I am trying to use erase-remove_if idiom to remove pairs from the vector.

stopPoints.erase(std::remove_if(stopPoints.begin(),
                                stopPoints.end(),
                                [&](const stopPointPair stopPoint)-> bool { return stopPoint.first == 4; }));

I want to delete all pairs that have .first value set to 4.

In my example I have pairs:

- 4, Up
- 4, Down
- 2, Up
- 6, Up

However, after I execute erase-remove_if, I am left with:

- 2, Up
- 6, Up
- 6, Up

What am I doing wrong here?

Answer 1

The method std::vector::erase has two overloads:

iterator erase( const_iterator pos );
iterator erase( const_iterator first, const_iterator last );

The first one only remove the element at pos while the second one remove the range [first, last).

Since you forget the last iterator in your call, the first version is chosen by overload resolution, and you only remove the first pair shifted to the end by std::remove_if. You need to do this:

stopPoints.erase(std::remove_if(stopPoints.begin(),
                                stopPoints.end(),
                                [&](const stopPointPair stopPoint)-> bool { 
                                    return stopPoint.first == 4; 
                                }), 
                 stopPoints.end());

---

The erase-remove idiom works as follow. Let say you have a vector {2, 4, 3, 6, 4} and you want to remove the 4:

std::vector<int> vec{2, 4, 3, 6, 4};
auto it = std::remove(vec.begin(), vec.end(), 4);

Will transform the vector into {2, 3, 6, A, B} by putting the "removed" values at the end (the values A and B at the end are unspecified (as if the value were moved), which is why you got 6 in your example) and return an iterator to A (the first of the "removed" value).

If you do:

vec.erase(it)

...the first overload of std::vector::erase is chosen and you only remove the value at it, which is the A and get {2, 3, 6, B}.

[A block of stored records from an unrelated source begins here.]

Definition cheb_defect k :=
  \sum_(P : {set {set 'I_(N + k)}} | outer_NC12 (rcons ns k) P && ~~ no_singleton_from N P)
    cheb_weight (s1 P).-1 (s2 P).+1.

Lemma UchebS s : Ucheb t s.+1 = 'X * Ucheb t s - (if s is s'.+1 then t *: Ucheb t s' else 0).
Proof. by case: s => [|s]; rewrite /Ucheb /= ?mulr1 ?subr0 // mul_polyC. Qed.

Lemma cheb_weightS s e :
  cheb_weight s.+1 e = 'X * cheb_weight s e - (if (0 < s)%N then cheb_weight s.-1 e.+1 else 0).
Proof.
rewrite /cheb_weight UchebS scalerBr scalerAr; congr (_ - _).
by case: s => [|s] /=; rewrite ?scaler0 // scalerA exprSr.
Qed.

(* x U_s = U_(s+1) + t U_(s-1): a singleton at the new point raises s1, while
   pairing the new point with the last old singleton lowers it. *)
Lemma cheb_sumS k : cheb_sum k.+1 = 'X * cheb_sum k - cheb_defect k.
Proof.
rewrite /cheb_sum addnS (bigID (fun P => no_singleton_from N P)) /= addrC.
rewrite sum_new_singleton sum_new_paired.
rewrite (eq_bigr (fun P => 'X * cheb_weight (s1 P) (s2 P) -
  (if (0 < s1 P)%N then cheb_weight (s1 P).-1 (s2 P).+1 else 0))); last first.
  by move=> P _; rewrite cheb_weightS.
rewrite sumrB -mulr_sumr -big_mkcondr /= [X in _ - X](bigID (fun P => no_singleton_from N P)) /=.
rewrite opprD addrA addrAC [X in _ - X + _](eq_bigl
  (fun g => [&& outer_NC12 (rcons ns k) g, no_singleton_from N g & (0 < s1 g)%N])); last first.
  by move=> g; rewrite -andbA [X in _ && X]andbC.
rewrite subrK; congr (_ - _); apply: eq_bigl => g; case outer_g: (outer_NC12 _ g) => //=.
case nosing: (no_singleton_from _ g); rewrite ?andbF ?andbT //.
by rewrite (singleton_from_s1_gt0 (outer_NC12_pair_partition outer_g) (negbT nosing)).
Qed.

Lemma cheb_defectS k : cheb_defect k.+1 = t *: cheb_sum k.
Proof.
rewrite /cheb_defect addnS (sum_new_singleton _ _ (fun s e => cheb_weight s.-1 e.+1)).
by rewrite scaler_sumr; apply: eq_bigr => P _; rewrite /cheb_weight scalerA exprS.
Qed.

Lemma cheb_defect0 : cheb_defect 0 = 0.
Proof. by rewrite /cheb_defect big_pred0 // => P; rewrite no_singleton_from_empty andbF. Qed.

Lemma cheb_sum_Ucheb k : cheb_sum k = cheb_sum 0 * Ucheb t k.
Proof.
suff : cheb_sum k = cheb_sum 0 * Ucheb t k /\ cheb_sum k.+1 = cheb_sum 0 * Ucheb t k.+1.
  by case.
elim: k => [|k [IH1 IH2]].
  by rewrite cheb_sumS cheb_defect0 subr0 /Ucheb /= mulr1 mulrC.
split => //; rewrite cheb_sumS cheb_defectS IH1 IH2 (UchebS k.+1).
by rewrite mulrBr mulrCA scalerAr.
Qed.

Lemma cheb_sum0 : cheb_sum 0 =
  \sum_(P : {set {set 'I_N}} | outer_NC12 ns P) cheb_weight (s1 P) (s2 P).
Proof. by rewrite /cheb_sum addn0; apply: eq_bigl => P; rewrite outer_NC12_rcons0. Qed.

End ChebyshevSums.

Lemma prod_Ucheb_outer_NC12 (R : comNzRingType) (t : R) ns :
  (\prod_(nj <- ns) Ucheb t nj =
    \sum_(P : {set {set 'I_(sumn ns)}} | outer_NC12 ns P) t ^+ s2 P *: Ucheb t (s1 P))%R.
Proof.
elim/last_ind: ns => [|ns k IH].
  rewrite big_nil; have inv0 : involutive_below 0 id by [].
  rewrite (big_pred1 (partition_of 0 id)) => [|P /=]; last first.
    apply/idP/eqP => [outer_P|->]; last by apply: outer_NC12_partition_of; split.
    rewrite -(partition_of_partner (outer_NC12_pair_partition outer_P)).
    exact: eq_partition_of.
  have := s1_add_double_s2 (pair_partition_of inv0).
  rewrite (s1_partition_of inv0) /nfix big_ord0 add0n => /eqP.
  by rewrite muln_eq0 /= => /eqP ->; rewrite scale1r.
rewrite big_rcons /= IH.
have -> : (\sum_(P : {set {set 'I_(sumn (rcons ns k))}} | outer_NC12 (rcons ns k) P)
    t ^+ s2 P *: Ucheb t (s1 P) = cheb_sum t ns k)%R by rewrite /cheb_sum sumn_rcons.
by rewrite cheb_sum_Ucheb cheb_sum0.
Qed.

Lemma NC2_outer_NC12 ns M (P : {set {set 'I_M}}) :
  NC2 ns P = outer_NC12 ns P && (s1 P == 0%N).
Proof.
rewrite /NC2 /outer_NC12 /NC12 -andbA.
case: (admissible ns P) (noncrossing P) => [] [] //=.
apply/forallP/and3P => [pairs | [/forallP small si0 s10] B].
  have not1 B : B \in P -> #|B| != 1%N by move=> BP; have := pairs B; rewrite BP /= => /eqP ->.
  split.
  - by apply/forallP => B; apply/implyP => BP; have := pairs B; rewrite BP /= => ->; rewrite orbT.
  - rewrite /si cards_eq0; apply/eqP/setP => B; rewrite !inE.
    by apply/negP => /and3P[BP hB _]; move: (not1 B BP); rewrite hB.
  - rewrite /s1 cards_eq0; apply/eqP/setP => B; rewrite !inE.
    by apply/negP => /andP[BP hB]; move: (not1 B BP); rewrite hB.
apply/implyP => BP; have := small B; rewrite BP /= => /orP[h1|//].
by move: s10; rewrite /s1 cards_eq0 => /eqP/setP/(_ B); rewrite !inE BP h1.
Qed.

(* Pair off the last m points one at a time with the last remaining singleton. *)
Lemma card_NC2_rcons ns m :
  #|[set P : {set {set 'I_(sumn (ns ++ [:: m]))}} | NC2 (ns ++ [:: m]) P]| =
  #|[set P : {set {set 'I_(sumn ns)}} | outer_NC12 ns P && (s1 P == m)]|.
Proof.
rewrite -!sum1_card cats1 sumn_rcons.
rewrite (eq_bigl (fun P => (outer_NC12 (rcons ns m) P && no_singleton_from (sumn ns) P)
  && (s1 P == 0%N))); last first.
  move=> P; rewrite !inE NC2_outer_NC12; case outer_P: (outer_NC12 _ P) => //=.
  case s10: (s1 P == 0%N); rewrite ?andbF //= andbT; apply/esym/forallP => x.
  apply/implyP => _; apply: contraTneq s10 => fx.
  by rewrite (s1_nfix (outer_NC12_pair_partition outer_P)) -lt0n (nfix_gt0 (ltn_ord x)).
rewrite big_mkcondr /= (@sum_no_singleton_last nat ns m (fun s _ => if s == 0%N then 1 else 0)).
rewrite addn0 -big_mkcondr; apply: eq_bigl => g.
by rewrite inE outer_NC12_rcons0 -andbA subn_eq0 -eqn_leq eq_sym.
Qed.

Lemma prod_Ucheb_NC2 (R : rcfType) (t : R) (ht : (0 < t)%R) ns :
  (\prod_(nj <- ns) Ucheb t nj =
    \sum_(0 <= m < (sumn ns).+1)
       (Num.sqrt t ^+ (sumn ns - m)
        * (#|[set P : {set {set 'I_(sumn (ns ++ [:: m]))}} | NC2 (ns ++ [:: m]) P]|)%:R)
       *: Ucheb t m)%R.
Proof.
rewrite prod_Ucheb_outer_NC12; set n := sumn ns.
have size_eq (P : {set {set 'I_n}}) : outer_NC12 ns P -> (s1 P + 2 * s2 P = n)%N.
  by move/outer_NC12_pair_partition/s1_add_double_s2.
have s1_le (P : {set {set 'I_n}}) : outer_NC12 ns P -> (s1 P < n.+1)%N.
  move=> outer_P; have e := size_eq P outer_P.
  by rewrite ltnS; apply: leq_trans (leq_addr (2 * s2 P) _) _; rewrite e.
have sqrt_pow (P : {set {set 'I_n}}) : outer_NC12 ns P -> (Num.sqrt t ^+ (n - s1 P) = t ^+ s2 P)%R.
  move=> outer_P; have e := size_eq P outer_P; have -> : (n - s1 P = 2 * s2 P)%N by lia.
  by rewrite exprM sqr_sqrtr // ltW.
have term m : ((Num.sqrt t ^+ (n - m) *
    (#|[set P : {set {set 'I_(sumn (ns ++ [:: m]))}} | NC2 (ns ++ [:: m]) P]|)%:R)
       *: Ucheb t m =
    \sum_(P : {set {set 'I_n}} | outer_NC12 ns P)
      if s1 P == m then t ^+ s2 P *: Ucheb t m else 0)%R.
  rewrite card_NC2_rcons mulr_natr -scalerMnl -big_mkcondr /= -sumr_const.
  by apply: eq_big => [P|P]; rewrite inE // => /andP[outer_P /eqP <-]; rewrite sqrt_pow.
rewrite (eq_bigr _ (fun m _ => term m)) exchange_big /=; apply: eq_bigr => P outer_P.
rewrite big_mkord (bigD1 (Ordinal (s1_le P outer_P))) //= eqxx.
by rewrite big1 ?addr0 // => i; rewrite -val_eqE eq_sym => /negbTE ->.
Qed.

By adding the second argument:

vec.erase(it, vec.end())

...the second overload is chosen, and you erase value between it and vec.end(), so both A and B are erased.

Answer 2

I know that at the time this question was asked there was no C++20, so just adding answer for completeness & up-to-date answer for this question, C++20 has now much cleaner & less verbose pattern, using std::erase_if.

See generic code example:

#include <vector>   
int main()
    {
        std::vector<char> cnt(10);
        std::iota(cnt.begin(), cnt.end(), '0');
     
        auto erased = std::erase_if(cnt, [](char x) { return (x - '0') % 2 == 0; });
        std::cout << erased << " even numbers were erased.\n";
    }

Specific question code snippet:

std::erase_if(stopPoints, [&](const stopPointPair stopPoint)-> bool { return stopPoint.first == 4; });

see complete details here:
https://en.cppreference.com/w/cpp/container/vector/erase2